Physiology 7 Flashcards
What is the normal pH and range?
pH = 7.4 range = 7.37 - 7.43
What should the ratio between bicarbonate and carbonic acid be?
20:1
What is unique about the bicarbonate buffer system?
It is an open buffer system, it includes gas which means the gas can be breathed off, meaning the equation won’t start pushing backwards.
How do we control carbon dioxide?
Via the respiratory system
How do we control bicarbonate?
Via the kidneys
what is the bicarbonate buffer system equation?
carbon dioxide + water = carbonic acid = Bicarbonate + H+ (proton)
How is the pH maintained in the extracellular fluid?
Via the bicarbonate buffer mainly
How is the pH maintained in the intracellular fluid?
Via importing H+ into cells (so its not free to contribute to pH) - this is done by swapping H+ for a K+ inside the cell, or by adding Cl- alongside H+.
What is a complication of acidosis?
hyperkalaemia - H+ is swapped for K+ which is now free in the plasma. Hyperkalaemia >5.5 and causes reduction in the resting membrane potential
What is the normal value of Bicarbonate?
24mmoles (22-26)
What is the normal value of PCO2?
40mmHg
What is a side effect of chronic renal failure?
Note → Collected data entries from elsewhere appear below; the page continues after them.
(* Since 2 F_m + E_m = H_m (H_m - 1) and P_m' = H_m + F_m, a bound on F_m and on
   2 F_m + E_m by consecutive triangular numbers pushes P_m' to the next one. *)
Lemma dPn_gt_triangular m x k : 0 <= x <= 1 -> (1 <= k)%N ->
    k%:R * (k%:R - 1) <= 2 * Fn m x -> k%:R * (k%:R - 1) < 2 * Fn m x + En m x ->
  k%:R * (k%:R + 1) < 2 * dPn m x.
Proof.
move=> x01 k1 Fk Ek; have h0 := Hn_ge0 m _ x01; have kR : 1 <= k%:R :> R by rewrite ler1n.
have hk : k%:R < Hn m x.
  rewrite ltNge; apply/negP => hk; move: Ek; rewrite /En; nra.
rewrite dPn_Hn_Fn; lra.
Qed.

End Polynomials.

Section Continuity.
Context {R : realType}.

Lemma continuous_monomials (a : nat -> R) (e : nat -> nat) (r : seq nat) :
  continuous (fun x : R => \sum_(i <- r) a i * x ^+ e i).
Proof.
apply: continuous_big => [|i _]; first exact: add_continuous.
by move=> x; apply: cvgM; [exact: cvg_cst | exact: exprn_continuous].
Qed.

Lemma continuous_dPn m : continuous (@dPn R m).
Proof. exact: continuous_monomials. Qed.

Lemma continuous_Pn m : continuous (@Pn R m).
Proof.
rewrite /Pn; under eq_fun do under eq_bigr do rewrite -[_ ^+ _]mul1r.
exact: continuous_monomials.
Qed.

Lemma continuous_Fn m : continuous (@Fn R m).
Proof.
move=> x; apply: cvgB; last exact: continuous_Pn.
by apply: cvgM; [exact: cvg_id | exact: continuous_dPn].
Qed.

End Continuity.

Lemma continuous_within_comp {T U V : topologicalType} (A : set U)
    (f : T -> U) (g : U -> V) :
  (forall x, A (f x)) -> continuous f -> {within A, continuous g} ->
  continuous (g \o f).
Proof.
move=> Af cf; rewrite continuous_subspace_in => cg x.
have cgfx : g @ within A (nbhs (f x)) --> g (f x).
  by rewrite nbhs_subspace_in //; exact: cg (mem_set (Af x)).
have fA : f @ nbhs x `=>` within A (nbhs (f x)).
  move=> P; rewrite /within => /(cf x) /= fP.
  by apply: (@filterS _ (nbhs x) _ _ _ _ fP) => y /= /(_ (Af y)).
exact: cvg_trans (cvg_fmap2 fA) cgfx.
Qed.
(* Let $V$ be a finite-dimensional complex vector space, $\dim V=N$, with a direct sum decomposition $V=U\oplus W$, and let $V_\bullet=\{0\subset V_1\subset\dots\subset V_N=V\}$ be a full flag in $V$. Then there exist bases $\{e_1,\dots,e_N\}$ and $\{v_1,\dots,v_N\}$ of $V$ such that $\{e_1,\dots,e_N\}$ is compatible with the decomposition $V=U\oplus W$, $\{v_1,\dots,v_N\}$ is compatible with the flag $V_\bullet$, and each vector $v_i$ is equal either to some $e_l$ or to a sum $e_j+e_k$ with $e_j\in U$ and $e_k\in W$.
   Context: A full flag $V_\bullet$ in $V$ is a chain of subspaces $0\subset V_1\subset\dots\subset V_N=V$ with $\dim V_i=i$. A basis of $V$ is compatible with the flag $V_\bullet$ if every $V_i$ is spanned by some subset of the basis. A basis of $V$ is compatible with the decomposition $V=U\oplus W$ if each basis vector lies in $U$ or in $W$. *)

From HB Require Import structures.
From mathcomp Require Import all_boot all_order all_algebra.
Set Implicit Arguments. Unset Strict Implicit. Unset Printing Implicit Defensive.
Import GRing.Theory.
Local Open Scope ring_scope.

Section Defs.
Variables (F : fieldType) (V : vectType F).

Definition direct_decomposition (U W : {vspace V}) : Prop :=
  directv (U + W)%VS /\ (U + W)%VS = fullv.

(* Vs 0 ⊂ Vs 1 ⊂ ... ⊂ Vs N = V with dim (Vs i) = i (values of Vs beyond N
   are irrelevant). *)
Definition full_flag (N : nat) (Vs : nat -> {vspace V}) : Prop :=
  [/\ forall i, (i <= N)%N -> \dim (Vs i) = i,
      forall i, (i < N)%N -> (Vs i <= Vs i.+1)%VS
    & Vs N = fullv].

Definition flag_compatible (N : nat) (Vs : nat -> {vspace V})
    (b : N.-tuple V) : Prop :=
  forall i, (i <= N)%N ->
    exists S : {set 'I_N}, Vs i = <<[seq tnth b j | j in S]>>%VS.

Definition decomp_compatible (U W : {vspace V}) (b : seq V) : Prop :=
  forall x, x \in b -> x \in U \/ x \in W.

End Defs.

(* We prove more generally: if U :&: W = 0 and X_0 < ... < X_m is a partial
   flag inside U + W, there are free families E_U of U and E_W of W and vectors
   v_i = u_i + w_i, each u_i zero or in E_U and each w_i zero or in E_W, such
   that v_1, ..., v_k span X_k for all k; completing E_U and E_W to bases of U
   and W gives e.
   If X_(m+1) contains no new vector of U or none of W modulo X_m, pick
   a + b in X_(m+1) \ X_m with a = 0 or a \notin X_m + W, and b = 0 or
   b \notin X_m + U.  Cutting U and W by hyperplanes that avoid a and b but
   still carry the components of X_m, the induction hypothesis applies to X_m,
   and a, b join the families.
   Otherwise let k + 1 be the least j such that some w in X_(m+1) :&: W, not in
   X_m, lies in X_j + U, say u + w in X_(k+1) with u in U.  Minimality gives
   u \notin X_m + U :&: (X_k + W), so a hyperplane M through this space avoids
   u, and Z := U :&: M + W :&: M satisfies X_k <= Z and X_m <= Z + <[u + w]>.
   Removing u + w from the flag X yields a partial flag of length m - 1 inside
   Z; splitting it by induction, then inserting u + w at position k + 1 and
   appending w, splits X. *)

From HB Require Import structures.
From mathcomp Require Import all_boot all_order all_algebra.
Set Implicit Arguments. Unset Strict Implicit. Unset Printing Implicit Defensive.
Import GRing.Theory.
Local Open Scope ring_scope.

Section Subspaces.
Variables (F : fieldType) (V : vectType F).
Implicit Types (A B C H L M U W X Z : {vspace V}) (a x y u w : V) (s : seq V).

Lemma dimv_add_line A y : y \notin A -> \dim (A + <[y]>) = (\dim A).+1.
Proof.
move=> yA; have y0 : y != 0 by apply: contraNneq yA => ->; rewrite mem0v.
rewrite dimv_disjoint_sum ?dim_vline ?y0 ?addn1 //.
apply/eqP; rewrite -subv0; apply/subvP=> x /memv_capP[xA /vlineP[k Ex]].
have [k0 | nz_k] := eqVneq k 0; first by rewrite Ex k0 scale0r mem0v.
by case/negP: yA; rewrite -(scalerK nz_k y) memvZ // -Ex.
Qed.

Lemma addv_line_eq A B y : (A <= B)%VS -> y \in B -> y \notin A ->
  \dim B = (\dim A).+1 -> B = (A + <[y]>)%VS.
Proof.
move=> sAB yB yA dimB; apply/eqP; rewrite eq_sym eqEdim subv_add sAB -memvE yB.
by rewrite dimv_add_line // dimB leqnn.
Qed.

Lemma addv_capv_modular A B C : (C <= A)%VS -> (A <= B + C)%VS ->
  A = (A :&: B + C)%VS.
Proof.
move=> sCA sABC; apply/eqP; rewrite eqEsubv subv_add capvSl sCA !andbT.
apply/subvP=> a aA; have /memv_addP[b bB [c cC Ea]] := subvP sABC a aA.
rewrite Ea memv_add // memv_cap bB andbT.
by rewrite -[b](addrK c) -Ea memvB // (subvP sCA).
Qed.

Lemma hyperplane_avoiding L y : y \notin L ->
  exists M, [/\ (L <= M)%VS, y \notin M & (M + <[y]>)%VS = fullv].
Proof.
move=> yL; set C := (fullv :\: (L + <[y]>))%VS.
have MyF : (L + C + <[y]>)%VS = fullv.
  by rewrite [(L + C)%VS]addvC -addvA addv_diff sumfv.
exists (L + C)%VS; split=> //; first exact: addvSl.
apply/negP=> yM; have : (\dim (L + C) < \dim (fullv : {vspace V}))%N.
  have := dimv_cap_compl fullv (L + <[y]>)%VS.
  rewrite capfv dimv_add_line // => <-.
  by rewrite addSn ltnS; apply: (dimv_add_leqif L C).
suff -> : (L + C)%VS = fullv by rewrite ltnn.
by rewrite -MyF; apply/esym/addv_idPl; rewrite -memvE.
Qed.

Lemma subv_addv_capv A U W M : (A <= U + W)%VS -> (A <= M)%VS ->
  (U :&: (A + W) <= M)%VS -> (A <= U :&: M + W :&: M)%VS.
Proof.
move=> sAUW sAM sUM; apply/subvP=> a aA.
have /memv_addP[p pU [q qW Ea]] := subvP sAUW a aA.
have pM : p \in M.
  apply: (subvP sUM); rewrite memv_cap pU -[p](addrK q) -Ea.
  by apply: memv_add; rewrite ?memvN.
have qM : q \in M by rewrite -[q](addKr p) -Ea memvD ?memvN // (subvP sAM).
by rewrite Ea memv_add // memv_cap ?pU ?qW.
Qed.

Lemma shrink_summand H U W a :
  (H <= U + W)%VS -> (a == 0) || (a \notin (H + W)%VS) ->
  exists U', [/\ (U' <= U)%VS, (a == 0) || (a \notin U') & (H <= U' + W)%VS].
Proof.
move=> sHUW /orP[a0 | aHW]; first by exists U; rewrite a0.
have [M [sHWM aM _]] := hyperplane_avoiding aHW.
exists (U :&: M)%VS; split; first exact: capvSl.
  by rewrite memv_cap (negbTE aM) andbF orbT.
have sWM : (W <= M)%VS := subv_trans (addvSr H W) sHWM.
rewrite -(capv_idPl sWM); apply: subv_addv_capv => //.
  exact: subv_trans (addvSl H W) sHWM.
exact: subv_trans (capvSr _ _) sHWM.
Qed.

Lemma notin_addv_summand U W U' W' u w : (U :&: W = 0)%VS ->
  (U' <= U)%VS -> (W' <= W)%VS -> u \in U -> w \in W -> u \notin U' ->
  u + w \notin (U' + W')%VS.
Proof.
move=> dUW sU sW uU wW uU'; apply/negP=> /memv_addP[p pU' [q qW' Euw]].
suff upE : u - p = 0 by case/negP: uU'; rewrite (subr0_eq upE).
apply/eqP; rewrite -memv0 -dUW memv_cap memvB ?(subvP sU _ pU') //=.
have -> : u - p = q - w by apply/eqP; rewrite subr_eq addrC addrA -Euw addrK.
by rewrite memvB ?(subvP sW _ qW').
Qed.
Chronic acid load - the kidneys can’t remove the H+ so bicarbonate is increased by taking it from the bone.
When is intracellular buffering used?
In chronic acid loading.
When is the buffer system used?
the buffer system is used first to control pH levels, but it doesn’t REMOVE H+.
How do we remove H+ ions?
This is done using the kidneys. it is the definitive way to correct pH and occurs after buffering.
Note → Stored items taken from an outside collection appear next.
(* If some piece [x'_{p-1}, x'_p) of the partition of the report [f'] is worth
   less than [1/n] to the true density [f], the other agents can report a common
   hungry density whose marks trail [x'] slightly before step [p] and lead it
   slightly from step [p] on; agent [i] then receives [x'_{p-1} - eps, x'_p),
   still worth less than [1/n] for small [eps]. *)
Lemma punishing_report (n i p : nat) (f f' : R -> R) (mu M mu' M' : R) :
  (i < n)%nat -> bounded_density f mu M -> bounded_density f' mu' M' ->
  (1 <= p <= n)%nat ->
  RInt f (mark n f' (p - 1)) (mark n f' p) < RInt f 0 1 / INR n ->
  exists g, pc_pos g /\ val f (alg3 n (upd (fun _ => g) i f') i) < / INR n * RInt f 0 1.
Proof.
  intros Hin Hf Hf' Hp Hpoor.
  set (y := mark n f') in *.
  assert (Hn : (0 < n)%nat) by lia.
  assert (Hy : forall k, (k <= n)%nat -> 0 <= y k <= 1)
    by (intros k Hk; apply (mark_spec f' mu' M'); auto).
  destruct (min_gap y n) as [d [Hd Hgap]].
  { intros k Hk. apply (mark_strict f' mu' M'); auto; lia. }
  set (s := RInt f 0 1 / INR n - RInt f (y (p - 1)%nat) (y p)).
  assert (HM : 0 < M) by exact (bd_upper_pos f mu M Hf).
  set (eps := Rmin (d / 3) (s / (M + 1))).
  assert (Heps : 0 < eps) by (apply Rmin_glb_lt; apply Rdiv_lt_0_compat; unfold s; lra).
  assert (Heps_gap : forall k, (1 <= k <= n)%nat -> 3 * eps <= y k - y (k - 1)%nat).
  { intros k Hk. specialize (Hgap k Hk). pose proof (Rmin_l (d / 3) (s / (M + 1))) as Hl.
    fold eps in Hl. lra. }
  assert (Heps_loss : M * eps < s).
  { pose proof (Rmin_r (d / 3) (s / (M + 1))) as Hr. fold eps in Hr.
    apply (Rmult_le_compat_r (M + 1)) in Hr; [|lra].
    unfold Rdiv in Hr. rewrite Rmult_assoc, Rinv_l in Hr by lra. nra. }
  assert (Hy0 : y 0%nat = 0) by exact (mark_first f' mu' M' n Hf' Hn).
  assert (Hyn : y n = 1) by exact (mark_last f' mu' M' n Hf' Hn).
  set (z := shifted_partition y n p eps).
  assert (Hz0 : z 0%nat = 0) by reflexivity.
  assert (Hzn : z n = 1) by exact (shifted_last y n p eps Hn).
  pose proof (shifted_incr y n p eps Hn Hy0 Hyn Heps Heps_gap) as Hz.
  exists (step_density z n). split; [exact (step_density_pc_pos z n Hn Hz0 Hzn Hz)|].
  rewrite (alg3_deviator n _ i p y z).
  - pose proof (shifted_close y n p eps Hn Hy0 Heps Hp) as Hclose. fold z in Hclose.
    pose proof (Hy (p - 1)%nat ltac:(lia)). pose proof (Hy p ltac:(lia)).
    assert (0 <= z (p - 1)%nat) by (rewrite <- Hz0; apply (partition_mono z n Hz); lia).
    assert (y (p - 1)%nat < y p) by (apply (mark_strict f' mu' M'); auto; lia).
    pose proof (bd_extend_left f mu M Hf (z (p - 1)%nat) (y (p - 1)%nat) (y p)
                  ltac:(lra) ltac:(lra) ltac:(lra) ltac:(lra)).
    assert (M * (y (p - 1)%nat - z (p - 1)%nat) <= M * eps) by (apply Rmult_le_compat_l; lra).
    unfold val, s, Rdiv in *; simpl. lra.
  - intros w m Hw Hm. unfold upd. destruct Nat.eq_dec; [contradiction|].
    apply step_density_marks; auto; lia.
  - intros m Hm. unfold upd. destruct Nat.eq_dec; [reflexivity|contradiction].
  - intros m Hm. apply (shifted_below y n p eps Hn Heps); lia.
  - intros Hpn. apply (shifted_above y n p eps Hn Heps); lia.
  - lia.
  - exact Hyn.
  - exact Hin.
  - lia.
  - exact Hz0.
Qed.

Theorem mainTheorem10 : risk_averse_truthful pc_pos alg3.
Proof.
  intros n i f f' Hin Hf Hf'.
  destruct (pc_pos_bounded f Hf) as [mu [M Hbf]].
  destruct (pc_pos_bounded f' Hf') as [mu' [M' Hbf']].
  destruct (classic (forall m, (1 <= m < n)%nat -> mark n f m = mark n f' m))
    as [Hsame|Hdiff].
  - left. intros G _.
    rewrite (alg3_marks_ext n (upd G i f) (upd G i f') i); [apply Rge_refl|].
    intros k m Hm. unfold upd. destruct Nat.eq_dec; [exact (Hsame m Hm)|reflexivity].
  - right.
    apply not_all_ex_not in Hdiff. destruct Hdiff as [m0 Hm0].
    apply imply_to_and in Hm0. destruct Hm0 as [Hm0 Hdiff].
    destruct (poor_piece f f' mu M mu' M' n m0 Hbf Hbf' Hm0 Hdiff) as [p [Hp Hpoor]].
    destruct (punishing_report n i p f f' mu M mu' M' Hin Hbf Hbf' Hp Hpoor)
      as [g [Hg Hval]].
    exists (fun _ => g). split; [intros; exact Hg|exact Hval].
Qed.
What is the point in buffering?
It maintains the pH until the kidney fixes it.
how is metabolic acid buffered?
43% in the ECF, 57% in the ICF.
How is respiratory acid buffered?
97% in cells (using haemoglobin)
3% in the plasma.
What controls bicarbonate?
The kidneys
What controls carbon dioxide?
The lungs
How does the kidneys reabsorb filtered bicarbonate?
Bicarbonate is filtered at the glomerulus and is in the tubule.
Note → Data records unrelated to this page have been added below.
From HB Require Import structures.
From mathcomp Require Import all_boot all_order all_algebra.
From mathcomp Require Import all_classical all_reals.
From mathcomp Require Import ereal topology normedtype sequences esum exp numfun.
From mathcomp Require Import lra zify.
Import Order.TTheory GRing.Theory Num.Theory.
Local Open Scope ring_scope.
Set Implicit Arguments. Unset Strict Implicit. Unset Printing Implicit Defensive.

(* The g-changed local drift is m_ij - P_ij (g_j - g_i), so g is appropriate
   iff (P - I) g = V with V_i = sum_j m_ij - m.  For an irreducible stochastic
   matrix P the maximum principle makes P-harmonic vectors constant, so P - I
   has corank one and its left kernel is spanned by pi; as pi V = 0, the system
   is solvable.  Two solutions differ by a matrix with constant columns, which
   changes no g_j - g_i and hence no g-changed jump measure. *)

Section RealSums.
Variables (R : realType) (T : choiceType).
Local Open Scope classical_set_scope.
Implicit Types (a b f g : T -> R).

Definition fin_esum a := (\esum_(x in [set: T]) (a x)%:E < +oo)%E.
Definition abs_summable f := fin_esum (fun x => `|f x|).

Lemma fin_esum_le a b : (forall x, a x <= b x) -> fin_esum b -> fin_esum a.
Proof. by move=> ab; apply: le_lt_trans; apply: le_esum => x _; rewrite lee_fin. Qed.

Lemma fineK_esum a : (forall x, 0 <= a x) -> fin_esum a ->
  \esum_(x in [set: T]) (a x)%:E = (fine (\esum_(x in [set: T]) (a x)%:E))%:E.
Proof.
by move=> a0 fa; rewrite fineK // ge0_fin_numE //; apply: esum_ge0 => x _; rewrite lee_fin.
Qed.

Lemma esumD_EFin a b : (forall x, 0 <= a x) -> (forall x, 0 <= b x) ->
  (\esum_(x in [set: T]) (a x + b x)%:E =
   \esum_(x in [set: T]) (a x)%:E + \esum_(x in [set: T]) (b x)%:E)%E.
Proof.
move=> a0 b0; rewrite -esumD; first by apply: eq_esum => x _; rewrite EFinD.
all: by move=> x _; rewrite lee_fin.
Qed.

Lemma fine_esumD a b : (forall x, 0 <= a x) -> (forall x, 0 <= b x) ->
  fin_esum a -> fin_esum b ->
  fine (\esum_(x in [set: T]) (a x + b x)%:E) =
  fine (\esum_(x in [set: T]) (a x)%:E) + fine (\esum_(x in [set: T]) (b x)%:E).
Proof. by move=> a0 b0 fa fb; rewrite esumD_EFin // (fineK_esum a0) // (fineK_esum b0). Qed.

Lemma fin_esumD a b : (forall x, 0 <= a x) -> (forall x, 0 <= b x) ->
  fin_esum a -> fin_esum b -> fin_esum (fun x => a x + b x).
Proof. by move=> a0 b0 fa fb; rewrite /fin_esum esumD_EFin // lte_add_pinfty. Qed.

Lemma esumZl a c : 0 <= c -> (forall x, 0 <= a x) ->
  (\esum_(x in [set: T]) (c * a x)%:E = c%:E * \esum_(x in [set: T]) (a x)%:E)%E.
Proof.
move=> c0 a0; have [->|c_neq0] := eqVneq c 0.
  by rewrite mul0e esum1 // => x _; rewrite mul0r.
have c_gt0 : 0 < c by rewrite lt0r c_neq0.
rewrite /esum -ereal_sup_pZl //; congr ereal_sup; apply/seteqP; split => z /=.
- move=> [A A_fin <-]; exists (\sum_(x \in A) (a x)%:E)%E; first by exists A.
  by rewrite ge0_mule_fsumr //; apply: eq_fsbigr => x _; rewrite EFinM.
- move=> [w [A A_fin <-] <-]; exists A => //.
  by rewrite ge0_mule_fsumr //; apply: eq_fsbigr => x _; rewrite EFinM.
Qed.

(* No finiteness hypothesis is needed: [fine] sends [+oo] to [0]. *)
Lemma fine_esumZl a c : 0 <= c -> (forall x, 0 <= a x) ->
  fine (\esum_(x in [set: T]) (c * a x)%:E) = c * fine (\esum_(x in [set: T]) (a x)%:E).
Proof.
move=> c0 a0; rewrite esumZl //.
case: (\esum_(x in [set: T]) (a x)%:E)%E => [r| |] /=; first by [].
  by rewrite mulry; case: sgrP => _; rewrite ?mul0e ?mul1e ?mulN1e /= mulr0.
by rewrite mulrNy; case: sgrP => _; rewrite ?mul0e ?mul1e ?mulN1e /= mulr0.
Qed.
- hydrogen is transported out of the cell, sodium is transported into the cell to maintain the electrochemical gradient
- the hydrogen binds with the bicarbonate to create carbonic acid (via carbonic anhydrase)
- The carbonic acid dissociate into carbon dioxide and water
- the carbon dioxide is transported into the tubule cell where it binds with water again
- it creates carbonic acid - which dissolves into H+ and bicarbonate
- the H+ is secreted (to be reused again) and the bicarbonate is taken up into the blood
How does the kidney remove H+ and create new bicarbonate (initially)?
- using diphosphate
- carbon dioxide from the blood enters the tubule cell, it binds with water and uses carbonic anhydrase to become carbonic acid - it dissociates into bicarbonate (which is reabsorbed into the blood) and into H+ which is excreted into the tubule to be excreted
- diphosphate is in the tubule lumen - the sodium is absorbed into the tubule cell and Hydrogen is put out to maintain the electrochemical gradient
- the dibasic phosphate is excreted in the urine
Why can H+ not be removed on its own?
It would make the urine too acidic
What is the pH of the urine?
4.5-5.5 (Max 8)
How does the kidney excrete H+ and create bicarbonate (long term)?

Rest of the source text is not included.